Sasha Issenberg, Slate, June 1, 2012

The wishful scenario many Republicans envisioned after Barack Obama’s change of heart this month on gay marriage—the president’s African-American base, far less supportive of expanding marriage than other parts of his coalition, becomes demobilized or even defects as a result of Obama’s stance—already seems unlikely to be realized. Last Thursday, Public Policy Polling revealed a 36-point swing in black support for gay marriage among Maryland voters, who will have the chance to legalize the practice in a November referendum, since PPP’s last poll on the subject in March. Then, 56 percent had been opposed to the new marriage law and 39 percent supported it. In May, PPP found the numbers nearly reversed: 55 percent supported, and 36 opposed. By all indications, black voters weren’t abandoning Obama over an issue on which they disagreed, but adjusting their opinions to match his.

That notion—that our views toward Obama are stable and everything else is changing around them—has been at the core of Michael Tesler’s groundbreaking survey research throughout the Obama era. Last week, as PPP tracked opinion in Maryland, the Brown University political scientist was reviewing his own national polls conducted since Obama’s switch, which helped moor the movement on gay marriage in a broader, deeper set of attitudes. Not only was Obama’s support pulling blacks toward his position, it was also pushing a segment of whites whom Tesler categorized as “racial conservatives” away from his position. In other words, Obama had such sway over race-conscious voters that they adjusted their positions on gay marriage because of him.

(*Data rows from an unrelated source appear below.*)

Theorem lemma4 (xT yT V k ra : R) (x y psi : R -> R) :
  0 < V -> 0 < k -> 0 <= ra ->
  closed_loop V k ra xT yT x y psi ->
  (forall t, 0 <= t -> 0 < dist_T xT yT (x t) (y t)) ->
  exists tstar, 0 <= tstar /\
    forall t theta, tstar <= t ->
      is_bearing xT yT (x t) (y t) (psi t) theta ->
      0 <= theta <= PI.
Proof.
  intros HV Hk Hra Hloop Hdist.
  destruct (rsin_eventually_nonneg xT yT V k ra x y psi HV Hk Hra Hloop Hdist) as [ts [Hts Hrsin]].
  exists ts. split; [exact Hts |].
  intros t theta Ht [[Hth0 Hth2] [_ Hsin]].
  pose proof (rsin_nonneg_persists xT yT V k ra x y psi HV Hk Hra Hloop Hdist ts Hts Hrsin t Ht) as HB.
  unfold frame, u1, u2 in HB. rewrite rot_sub_PI2, <- Hsin in HB.
  pose proof (Hdist t ltac:(lra)).
  split; [exact Hth0 |].
  destruct (Rle_lt_dec theta PI) as [| Hgt]; [assumption |].
  pose proof (sin_lt_0 theta Hgt Hth2). nra.
Qed.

If Tesler was surprised by this, it was only because he believed views on gay marriage would be some of the most stable in politics, deeply anchored in moral values. Since 2009, Tesler has been chronicling what he calls the “racialization” of issues in the Obama era—the extent to which public opinion on topics unrelated to race have taken on a racial cast as Obama has staked out positions on them. Tesler has used polling experiments to identify a series of issues that have become enmeshed in complicated racial attitudes by dint of Obama’s association with them: health care reform, taxes, the nomination of Sonia Sotomayor to the Supreme Court. Even Bo Obama fell into this matrix; racists looked less favorably on a picture of the president’s dog when they learned the identity of his owner. That part, too, surprised Tesler. “I thought people would have stronger views about dogs than politics,” he said.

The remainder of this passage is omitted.